Сейчас только упомяну, что в одном из первоначальных вариантов в доме у Долли происходит разговор о полемике во французской печати о положении женщин. В частности, упоминается большая статья Дюма-сына «Мужчина – женщина». В ней говорится, что в браке трое – Бог, муж и жена, причём жена в подчинённом положении, её заботы – дом и дети, и если она забыла свои обязанности и не подчиняется требованиям мужа, то её можно и наказать, вплоть до смерти. Дюма категорически осуждал жену, бросившую мужа, мать, оставившая ребёнка, по его мнению, заслуживает наказания и должна умереть.

(В скобках с некоторым прискорбием надо отметить, что в девятнадцатом веке страсть, физическая любовь имела ещё один смысл, и этот смысл обозначался негативно окрашенным словом «похоть». )

Толстой считал, что человеческий суд не в праве наказывать в таких случаях, Бог решает. Отсюда и знаменитый эпиграф. Но я продолжаю настаивать, что право возмездия – у Толстого – принадлежит автору.

И с отвращением читая жизнь мою,

Я трепещу и проклинаю,

И горько жалуюсь, и горько слёзы лью,

Но строк печальных не смываю (А. С. Пушкин).


Письмо четвёртое


И вот, безжалостно марая книгу карандашом, я читаю первую часть романа, по пути давая названия глав и ставя вопросительные знаки, галочки, волнистыми линиями отмечая целые абзацы. Это единственный способ выбраться из кажущегося естественным течения жизни, добросовестно описываемой автором.

«Этой» жизни не было! Её создаёт автор. И это ему для чего-то нужно.

Помня о том, что сам Толстой говорил, что не вымарал бы ни одного слова из романа, стараюсь и сама не пропустить ни одного слова.

И тогда открывается сам процесс создания!

Я подумала, что Толстой очень интересовался, как женщины рукодельничают. У него даже в светском салоне беременная жена Болконского сидит за вышиванием. Это было, по-видимому, художественное вышивание.

И Толстой пишет, как вышивает гладью шёлком.

Первая глава романа, где Стива встаёт, пьёт свой кофе, пытается мириться с женой, одновременно вспоминая свою ничего не требующую любовницу, идёт на службу. И уже тут Толстой очень много сообщает нам не только о Стиве, но о целом слое мужской жизни.
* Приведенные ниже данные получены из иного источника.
Lemma smooth_on_Vfield j : smooth_on (@domk R n m q.+1 W) (Vfield A j).
Proof.
have oU : open (@domk R n m q.+1 W) := open_domk W_open.
apply: smooth_on_sum => // s; apply: smooth_on_mul => //; first exact: smooth_on_cst.
apply: smooth_on_sum => // sg; apply: smooth_on_sum => // I; apply: smooth_on_sum => // i.
apply: smooth_on_mul => //; last exact: smooth_on_topY_hjac.
exact: (smooth_on_comp_linear (@projk_linear n m R q q.+1) (@projk_continuous n m R q q.+1)
  (fun e => @projk_basis n m R q q.+1 e (leqnSn q)) oU
  (fun p => @domk_projk n m R q q.+1 W p (leqnSn q))
  (A_smooth sg I i (ltn_ord s))).
Qed.

Lemma pd_Vfield j P (c : Defs.coord n m q) : @domk R n m q.+1 W P ->
  (forall a J, size J = q.+1 -> emb q.+1 c != yc q.+1 a J) ->
  pd (emb q.+1 c) (Vfield A j) P = hjac_pair j P (fun sg I i => pd c (A sg I i) (projk q P)).
Proof.
move=> P_dom c_low; have Lc := @projk_ev n m R q q.+1 c (leqnSn q).
have dA s (sg : s.-tuple 'I_m) (I : s.-tuple (q.-tuple 'I_n)) (i : (n.-1 - s).-tuple 'I_n) :
    (s < n)%N -> is_derive P (ev R (emb q.+1 c)) (fun x => A sg (map val I) i (projk q x))
                           (pd c (A sg (map val I) i) (projk q P)).
  move=> sn; apply: DeriveDef; last by rewrite (derive_comp_linear (@projk_linear n m R q q.+1)) Lc.
  apply/(derivable_comp_linear (@projk_linear n m R q q.+1)); rewrite Lc.
  exact: smooth_on_derivable (A_smooth sg I i sn) (domk_projk (leqnSn q) P_dom).
suff [] : is_derive P (ev R (emb q.+1 c)) (Vfield A j)
  (hjac_pair j P (fun sg I i => pd c (A sg I i) (projk q P))) by [].
apply: is_derive_sum_seq => s _; apply: is_derive_mull.
do 3!apply: is_derive_sum_seq => ? _.
apply: is_derive_mul_line_cst; first exact: dA.
by move=> h; exact: hjacY_cons_shift.
Qed.
(* Because [4 a > 5 m], a sum of generators below [5 m] uses at most three generators from
   [a + A]. *)
Lemma sumn_gens_below_5m (s : seq nat) : all (mem gens) s -> sumn s < 5 * m ->
  sumn s \in segs (if 2 <= size s then Dsum_shapes else (0, 0) :: gen_shapes).
Proof.
case/gens_decomp=> c [t [A_t -> ->]] lt_5m.
have le_t3 : size t <= 3 by nia.
apply/segsP; exists c, (size t), (sumn t); split=> //; last exact: sumn_mem_msums.
by apply: shape_below_5m => //; lia.
Qed.

Lemma segs_sumn_gens cs z : z \in segs cs ->
  exists2 cj, cj \in cs &
    exists2 s : seq nat, all (mem gens) s & size s = cj.1 + cj.2 /\ sumn s = z.
Proof.
case/segsP=> c [j [x [cs_cj /msumsP[t A_t [size_t sum_t]] ->]]].
exists (c, j) => //; exists (nseq c m ++ [seq a + y | y <- t]).
  rewrite all_cat all_nseq !inE eqxx orbT /=.
  by apply/allP => _ /mapP[y t_y ->]; rewrite !inE map_f ?orbT //; apply: (allP A_t).
have sumn_shift : sumn [seq a + y | y <- t] = size t * a + sumn t.
  by elim: (t) => //= y t' ->; lia.
by rewrite size_cat size_nseq size_map sumn_cat sumn_nseq sumn_shift size_t sum_t; split=> //; lia.
Qed.

Lemma gens_range z : z \in gens -> m <= z < 2 * m.
Proof. by case/predU1P=> [->|/mapP[x /A_le_r le_x ->]]; lia. Qed.

Lemma gens_pos : all (fun x => 0 < x) gens.
Proof. by apply/allP => z /gens_range; lia. Qed.

Lemma size_le_sumn_gens (s : seq nat) : all (mem gens) s -> size s * m <= sumn s.
Proof. by elim: s => //= g s IH /andP[/gens_range le_g /IH]; lia. Qed.

Lemma S_sumn_gens (s : seq nat) : all (mem gens) s -> Sg (sumn s).
Proof. by move=> gens_s; apply/orP; left; apply/(in_monoidP _ gens_pos); exists s. Qed.

Lemma S_below_4m z : z < 4 * m -> Sg z = (z \in segs S_shapes).
Proof.
move=> lt_z; apply/idP/idP.
  case/orP=> [/(in_monoidP _ gens_pos)[s gens_s sum_s]|]; last lia.
  have := sumn_gens_below_5m gens_s; rewrite sum_s /S_shapes -cat_cons segs_cat mem_cat.
  by case: ifP => _ ->; rewrite ?orbT //; lia.
by case/segs_sumn_gens=> _ _ [s /S_sumn_gens S_s [_ <-]].
Qed.

Lemma S_ge_m z : Sg z -> 0 < z -> m <= z.
Proof.
case/orP=> [/(in_monoidP _ gens_pos)[s gens_s <-]|]; last lia.
by have := size_le_sumn_gens gens_s; case: s gens_s => //= g s _; lia.
Qed.

Lemma Dsum_below_5m z : z < 5 * m -> Dsum Sg z = (z \in segs Dsum_shapes).
Proof.
move=> lt_z; apply/idP/idP.
  case/existsP=> x /existsP[y /and3P[/andP[S_x x_pos] /andP[S_y y_pos] /eqP sum_xy]].
  have m_x := S_ge_m S_x x_pos; have m_y := S_ge_m S_y y_pos.
  move: S_x S_y; rewrite !S_below_4m; try lia.
  case/segs_sumn_gens=> _ _ [sx gens_sx [_ sum_sx]].
  case/segs_sumn_gens=> _ _ [sy gens_sy [_ sum_sy]].
  have := @sumn_gens_below_5m (sx ++ sy).
  rewrite all_cat gens_sx gens_sy sumn_cat sum_sx sum_sy sum_xy.
  move=> /(_ isT lt_z); rewrite size_cat ifT //.
  have size_pos (s : seq nat) w : sumn s = w -> 0 < w -> 0 < size s by case: s => //= <-.
  by have := size_pos _ _ sum_sx x_pos; have := size_pos _ _ sum_sy y_pos; lia.
case/segs_sumn_gens=> cj Dsum_cj [s gens_s [size_s <-]].
have : 2 <= size s by rewrite size_s; move: cj Dsum_cj {size_s}; apply/allP.
case: s gens_s {size_s} => [|g [|g' s]] //= /andP[gens_g gens_gs] _.
have S_gs : Sg (g' + sumn s) := @S_sumn_gens (g' :: s) gens_gs.
have S_g : Sg g by have := @S_sumn_gens [:: g]; rewrite /= gens_g addn0; apply.
have := gens_range gens_g; have := @size_le_sumn_gens (g' :: s) gens_gs; rewrite /= => m_gs m_g.
apply/existsP; exists (inord g); apply/existsP; exists (inord (g' + sumn s)).
by rewrite !inordK ?eqxx /Sstar ?S_g ?S_gs ?andbT /=; lia.
Qed.

Ltac count_in_window :=
  rewrite count_segs /S_shapes /gen_shapes /Dsum_shapes; cbn [map cat sumn fst snd];
  repeat first [ rewrite count_seg_in; last lia | rewrite count_seg_out; last lia ];
  rewrite /msums /= ?size_sums2 ?size_sums3.

Lemma conductor_eq : conductor Sg (4 * m) = 4 * m.
Proof.
apply/eqP; rewrite eqn_leq; apply/andP; split.
  by apply/bigmax_leqP => i _; exact: ltn_ord.
have lt_4m : 4 * m - 1 < 4 * m by lia.
have gap : ~~ Sg (4 * m - 1).
  by rewrite S_below_4m // notin_segs // /S_shapes /gen_shapes /Dsum_shapes /=; lia.
apply: leq_trans (leq_bigmax_cond (Ordinal lt_4m) gap) => /=; lia.
Qed.

Lemma mult_eq : mult Sg (4 * m) = m.
Proof.
rewrite /mult (_ : (4 * m).+1 = m.-1 + (3 * m + 1).+1); last lia.
rewrite iotaD filter_cat (_ : 1 + m.-1 = m); last lia.
rewrite (@eq_in_filter _ _ pred0) ?filter_pred0 /=; last first.
  by move=> z; rewrite mem_iota => lt_z; apply/negbTE/negP => /S_ge_m; lia.
by have := @S_sumn_gens [:: m]; rewrite /= mem_head addn0 => ->.
Qed.

Lemma cardL_eq : cardL Sg (4 * m) = 4 + 3 * p + 'C(p.+1, 2).
Proof.
rewrite /cardL conductor_eq (eq_in_count (a2 := mem (segs S_shapes))); last first.
  by move=> z; rewrite mem_iota => lt_z; rewrite S_below_4m //; lia.
rewrite count_mem_iota ?uniq_segs ?sorted_S_shapes //; count_in_window; lia.
Qed.

Lemma Prim_below_4m z : z < 4 * m -> Prim Sg z = (z \in segs gen_shapes).
Proof.
move=> lt_z; rewrite /Prim /Sstar S_below_4m // Dsum_below_5m; last lia.
rewrite segs_S_shapes segs_gen_shapes in_cons mem_cat.
have [gens_z|] := boolP (z \in gens).
  have [m_z lt_z2m] := andP (gens_range gens_z).
  rewrite notin_segs /Dsum_shapes /= ?orbT; lia.
by move=> _; case: (z \in segs _); rewrite ?andbF // orbF andbT; case: eqP => // ->.
Qed.

Lemma cardPL_eq : cardPL Sg (4 * m) = p.+1.
Proof.
rewrite /cardPL conductor_eq (eq_in_count (a2 := mem (segs gen_shapes))); last first.
  by move=> z; rewrite mem_iota => lt_z; rewrite Prim_below_4m //; lia.
rewrite count_mem_iota ?uniq_segs ?sorted_gen_Dsum_shapes //; count_in_window; lia.
Qed.

Lemma cardDq_eq : cardDq Sg (4 * m) = 1 + p + 'C(p.+1, 2) + 'C(p.+2, 3).
Proof.
rewrite /cardDq conductor_eq mult_eq (eq_in_count (a2 := mem (segs Dsum_shapes))); last first.
  by move=> z; rewrite mem_iota => lt_z; rewrite Dsum_below_5m //; lia.
rewrite count_mem_iota ?uniq_segs ?sorted_gen_Dsum_shapes //; count_in_window; lia.
Qed.

Lemma qq_eq : qq Sg (4 * m) = 4.
Proof. by rewrite /qq conductor_eq mult_eq -addnBA ?divnMDl ?divn_small; lia. Qed.

Lemma rho_eq : rho Sg (4 * m) = 0.
Proof. by rewrite /rho qq_eq conductor_eq mult_eq subnn. Qed.

Lemma W0_B3_shift : W0 Sg (4 * m) = (- 'C(p.+1, 3)%:Z)%R.
Proof.
rewrite /W0 cardPL_eq cardL_eq cardDq_eq qq_eq rho_eq.
have := mul_bin_left p.+1 2; have := mul_bin_left p.+1 1; have := binS p.+1 2; rewrite bin1.
move=> bin3S mul_bin2 mul_bin3.
have -> : 4 * (1 + p + 'C(p.+1, 2) + 'C(p.+2, 3))
          = p.+1 * (4 + 3 * p + 'C(p.+1, 2)) + 'C(p.+1, 3) by nia.
by rewrite PoszD addr0 opprD addrA subrr add0r.
Qed.
End B3Semigroup.

Theorem mainTheorem7 (n : nat) (hn : 3 <= n) :
  let A' := Aprime n in
  let r := 3 ^ (n - 2) - 1 in
  [/\ B3 A', size (undup A') = n - 1, 0 \in A' &
   forall k : nat, r + 1 <= k ->
     let m := 3 * k + 6 * r + 2 in
     let a := (3 * m + k) %/ 2 in
     let Ak := [seq a + x | x <- A'] in
     W0_gen (m :: Ak) (4 * m) = (- ('C(n, 3))%:Z)%R].
Proof.
move=> A' r; have lt1n : 1 < n by lia.
split; [exact: B3_Aprime|by rewrite undup_id ?uniq_Aprime // size_Aprime; lia|exact: mem0_Aprime|].
move=> k /[!addn1] lt_rk m a Ak.
have def_a : a = 5 * k + 9 * r + 3.
  by rewrite /a (_ : 3 * m + k = (5 * k + 9 * r + 3) * 2) ?mulnK // /m; lia.
have A'_le_r : {in A', forall x, x <= r} by move=> x /Aprime_le; rewrite /r subn2.
have := W0_B3_shift (uniq_Aprime n) (B3_Aprime lt1n) A'_le_r lt_rk erefl def_a.
by rewrite /W0_gen size_Aprime prednK //; lia.
Qed.
(* Let $r\in\mathbb{N}$ with $r\ge 2$. Let $B$ be the squarefree sequence over $C_2^r$ whose set of terms is $C_2^{r}\setminus \{0\}$ (each non-zero element occurring exactly once). Then $B$ is a zero-sum sequence and $\max \mathsf{L}(B) = \lfloor (2^r - 1)/3 \rfloor$.
   Context: $C_2^r$ is the elementary abelian $2$-group of rank $r$. A sequence is a finite unordered list of group elements with repetitions; squarefree means no repetitions; a minimal zero-sum sequence is a non-empty sequence with sum $0$ having no proper non-empty zero-sum subsequence; for a zero-sum sequence $B$, $\mathsf{L}(B)$ is the set of all $t$ such that $B$ can be written as a product of $t$ minimal zero-sum sequences. *)

From mathcomp Require Import all_boot all_order all_algebra.
Set Implicit Arguments. Unset Strict Implicit. Unset Printing Implicit Defensive.
Import GRing.Theory.
Local Open Scope ring_scope.

Definition C2 (r : nat) : finZmodType := 'rV['F_2]_r.

Section Seqs.
Variable G : finZmodType.

(* Sequences over G are finite unordered lists: we use [seq G] up to perm_eq. *)
Definition seq_sum (s : seq G) : G := \sum_(x <- s) x.

Definition zero_sum (s : seq G) : Prop := seq_sum s = 0.

Definition minimal_zero_sum (s : seq G) : Prop :=
  [/\ s <> [::], zero_sum s &
      forall t u : seq G, perm_eq s (t ++ u) -> t <> [::] -> u <> [::] ->
        ~ zero_sum t].

(* The set of lengths L(B): t \in L(B) iff B is (up to reordering) the product
   of t minimal zero-sum sequences. *)
Definition in_lengths (B : seq G) (t : nat) : Prop :=
  exists fs : seq (seq G),
    [/\ size fs = t, forall A, A \in fs -> minimal_zero_sum A
      & perm_eq B (flatten fs)].

End Seqs.

Definition all_nonzero (r : nat) : seq (C2 r) := [seq x <- enum (C2 r) | x != 0].

(* In an elementary abelian 2-group a zero-sum sequence of distinct non-zero
   terms has at least three terms, since x + y = 0 forces x = y.  Hence a
   factorization of B into t minimal zero-sum sequences has 3 t <= 2^r - 1.

   Conversely, a zero-sum sequence of distinct non-zero terms with fewer than
   six terms is minimal (a proper zero-sum part and its complement would both
   have at least three terms), so it suffices to partition C_2^r \ {0} into
   (2^r - 1)/3 zero-sum blocks of size 3 or 4.  Write C_2^(n+2) = C_2^2 x C_2^n
   with e1, e2 a basis of C_2^2.  The elements (0, a) are covered by a
   partition of C_2^n; the others by the triples (e1, a), (e2, phi a),
   (e1 + e2, a + phi a), where phi is a complete mapping of C_2^n: phi and
   a |-> a + phi a are both bijective.  Multiplication by a generator of
   F_4 or F_8 is a complete mapping, and products of complete mappings are
   complete mappings, so they exist in every rank r <> 1.  Starting from
   ranks 0 and 3 this gives the partition in every rank r >= 2. *)

From mathcomp Require Import all_boot all_order all_algebra.
From mathcomp Require Import zify.
Import GRing.Theory.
А потом как-то незаметно вплетает в канву пришедшего к нему за советом Левина, и как-то ловко тут же противопоставляет Стиву и Левина пристальным разглядыванием рук Гриневича, с их ухоженными выпуклыми ногтями, с большими запонками в рукавах.

Что, казалось бы, ногти?

А для Толстого это первый маленький замок в сводах, который будет поддерживать и дальше интересующую его тему мужских занятий.

Потом Стива произносит достаточно пошлую сентенцию о том, что «женщина – это винт, на котором всё вертится».

А ведь этот винт появится в романе много позже, когда Анна перед гибелью понимает, что «винт свинтился». И это тоже маленький замочек.

Следующий стежок – и Толстой в ресторанном разговоре упоминает Вронского, и третий герой плавно въезжает в повествование, и уж Левин и Вронский оказываются связаны с Кити. И это третий замочек или «узелок», если угодно. И тут же неподалёку посылочка в будущее: Вронский о Кити – «Ну ничего. Мне хорошо, и ей хорошо». Этого ему было бы достаточно.

В этом весь Вронский. Большим он так и не вырастет – «Надо быть, главное, элегантным, красивым, великодушным, смелым, весёлым, отдаваться всякой страсти не краснея и над всем остальным смеяться».

И вот, действительно, ни одна ниточка не провисает, ни один кончик не торчит, узелки завязаны, не развяжутся. Художественное шитьё!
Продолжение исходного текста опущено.